Find Duplicate Files in FILETABLE - CodeProject

:

Introduction

Finding duplicate files is becoming a great deal in case the folder holds large number of files of different file types. Programmers always prefer to do that easily without much complications. There is a possibility of exploring that with SQL Server FILESTREAM and FILETABLE. This tip holds a simple query and it is another easy way of identifying duplicate files with FILETABLE. This FILETABLE is created using FILESTREAM. When coming to the FILESTREAM, we cannot forget Jacob Sebastian, who gave us this extraordinary functionality. Now let's see how this extraordinary functionality allows us to find duplicate files.

Background

The queries in the download source contain the following:

  • Enabling FILESTREAM
  • Creating FILESTREAM database
  • Creating FILETABLE
  • Identifying duplicated files

Before getting into the detailed analysis, I will give you the brief explanation for a general question, which may arise in everyone's mind.
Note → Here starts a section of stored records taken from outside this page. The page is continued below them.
(* Let $\mathcal X,\mathcal Y$ be Hilbert spaces and $(C,\mathbf A)$, with $C\in\mathcal L(\mathcal X,\mathcal Y)$, $\mathbf A=(A_1,\dots,A_d)\in\mathcal L(\mathcal X)^d$, a contractive pair. Then: (1) $(C,\mathbf A)$ is output-stable, $(S^R_j)^*\widehat{\mathcal O}_{C,\mathbf A}x=\widehat{\mathcal O}_{C,\mathbf A}A_jx$ for all $x$ and $j$, and hence $\operatorname{Ran}\widehat{\mathcal O}_{C,\mathbf A}$ is invariant under $(S^R_j)^*$, $j=1,\dots,d$. (2) $\widehat{\mathcal O}_{C,\mathbf A}$ is a contraction from $\mathcal X$ into $H^2_{\mathcal Y}(\mathcal F_d)$; it is isometric if and only if $(C,\mathbf A)$ is an isometric pair and $\mathbf A$ is strongly stable. (3) If $\mathcal M:=\operatorname{Ran}\widehat{\mathcal O}_{C,\mathbf A}$ is given the lifted norm $\|\widehat{\mathcal O}_{C,\mathbf A}x\|_{\mathcal M}=\|Qx\|_{\mathcal X}$, where $Q$ is the orthogonal projection of $\mathcal X$ onto $(\operatorname{Ker}\widehat{\mathcal O}_{C,\mathbf A})^\perp$, then $\widehat{\mathcal O}_{C,\mathbf A}$ is a coisometry of $\mathcal X$ onto $\mathcal M$, $\mathcal M$ is contractively contained in $H^2_{\mathcal Y}(\mathcal F_d)$, and $\mathcal M$ is isometrically equal to the formal noncommutative reproducing kernel Hilbert space $\mathcal H(K_{C,\mathbf A})$ with kernel $K_{C,\mathbf A}(z,w)=C(I-Z(z)A)^{-1}(I-A^*Z(w)^* )^{-1}C^*$. (4) With this norm, $\sum_{j=1}^d\|(S^R_j)^*f\|^2_{\mathcal H(K_{C,\mathbf A})}\le\|f\|^2_{\mathcal H(K_{C,\mathbf A})}-\|f_\emptyset\|^2_{\mathcal Y}$ for all $f\in\mathcal H(K_{C,\mathbf A})$; moreover equality holds for all $f$ if and only if $Q-\sum_{j=1}^dA_j^*QA_j=C^*C$. In particular, if $(C,\mathbf A)$ is observable, equality holds for all $f$ if and only if $(C,\mathbf A)$ is an isometric pair.
   Context: $\mathcal F_d$: free semigroup of words on $\{1,\dots,d\}$, empty word $\emptyset$; for $v=i_N\cdots i_1$: $|v|=N$, $v^\top=i_1\cdots i_N$, $\mathbf A^v=A_{i_N}\cdots A_{i_1}$, $z^v=z_{i_N}\cdots z_{i_1}$ (noncommuting indeterminates). $H^2_{\mathcal Y}(\mathcal F_d)$: formal power series $\sum_vf_vz^v$ with $f_v\in\mathcal Y$, $\sum\|f_v\|^2<\infty$; $(S^R_j)^*\colon\sum_vf_vz^v\mapsto\sum_vf_{vj}z^v$. $\widehat{\mathcal O}_{C,\mathbf A}x=\sum_v(C\mathbf A^vx)z^v$; output-stable means $\widehat{\mathcal O}_{C,\mathbf A}$ is bounded $\mathcal X\to H^2_{\mathcal Y}(\mathcal F_d)$. Contractive pair: $C^*C+\sum_jA_j^*A_j\le I$; isometric: equality. $\mathbf A$ strongly stable: $\sum_{|v|=N}\|\mathbf A^vx\|^2\to0$ for all $x$. Observable: $\operatorname{Ker}\widehat{\mathcal O}_{C,\mathbf A}=\{0\}$. The kernel is the formal series $K_{C,\mathbf A}(z,w)=\sum_{\alpha,\beta\in\mathcal F_d}C\mathbf A^\alpha(\mathbf A^\beta)^*C^*z^\alpha w^{\beta^\top}$; for a formal kernel $K=\sum K_{\alpha,\beta}z^\alpha w^{\beta^\top}$, $\mathcal H(K)$ is the Hilbert space of formal power series $f=\sum f_\alpha z^\alpha$ (coefficients in $\mathcal Y$) such that $K_\beta y:=\sum_\alpha K_{\alpha,\beta}y\,z^\alpha\in\mathcal H(K)$ and $\langle f,K_\beta y\rangle=\langle f_\beta,y\rangle_{\mathcal Y}$ for all $\beta\in\mathcal F_d$, $y\in\mathcal Y$, $f\in\mathcal H(K)$. *)

From HB Require Import structures.
From mathcomp Require Import all_boot all_order all_algebra.
From mathcomp Require Import boolp classical_sets reals.
From mathcomp Require Export complex.
From Stdlib Require Import ClassicalEpsilon.
Set Implicit Arguments. Unset Strict Implicit. Unset Printing Implicit Defensive.
Import Order.TTheory GRing.Theory Num.Theory.
Local Open Scope ring_scope.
Why FILESTREAM and FILETABLE?

FILESTREAM helps us to store and manage unstructured data and this feature allows to store BLOB data (example: Word documents, image files, music and videos, etc.) in the NT file system. This NT file system allows SQL Server to take advantage of the NTFS I/O streaming capabilities and at the same time, maintaining transactional consistency of the data. There were two approaches before introducing FILESTREAM to the coding world; one is VARBINARY which gave us bad performance and another one is storing unstructured data in disk files which did not have transactional consistency of the data even though this approach gave good performance. The FILESTREAM solves both the issues of these two approaches of earlier days.

And this unstructured data is projected in a structured way and that is called FILETABLE.

Here query cycle through all duplicate files in a folder and its sub folders.

https://www.codeproject.com/KB/database/888472/folder_files.png

Using the Code

Identifying Duplicated Files

Here in the code below, I have used Common Table Expression (CTE) which is said as temporary table and it is always defined using 'WITH' clause. There may be more than one CTE in a Query. Here, I have used two CTE for identifying duplicate files in the folder.

The first CTE contains two built-in SQL ranking functions:

ROW_NUMBER is assigned as a unique increment sequence number. Numbers are arbitrarily assigned for rows that have duplicate values.
RANK is also assigned as a unique number. For rows that have duplicate values, the same value is assigned with the same number and there number sequence may skip (gap in between numbers) for each duplicate that arises in the table column.

With CTE
as
(
    SELECT
    ROW_NUMBER() over  (order by [file_stream]) as File_Number
    , RANK() over  (order by [file_stream]) as Find_Dupe
    ,[name]
    ,[file_stream]
    FROM [dbo].[FileTableTb]
)
, [unique_pull]
as(
    SELECT MIN(File_Number) as Unique_File from CTE
    group by Find_Dupe
)
SELECT CTE.name from CTE join [unique_pull]
on CTE.File_Number=unique_pull.Unique_File

The solution formula here is to pull the records where row number and rank is not equal and thus we find duplicate files. The MIN mathematical SQL function in second CTE is used to avoid getting repetitive file records in the result.

Here in the below result, the duplicate files are identified and the unique files and subfolders are shown in the list.

https://www.codeproject.com/KB/database/888472/original_files.png

Points of Interest

Handling actual binary content of a wide range of file types had many complications and I have tried many applications but still those are not efficient. Usually, programmers recommend checking duplicate files carefully before deleting it completely. In such case, this Query would be helpful to finding duplicate files. Hope this post would be useful to all. I would be grateful if you can share your feedback. Thanks!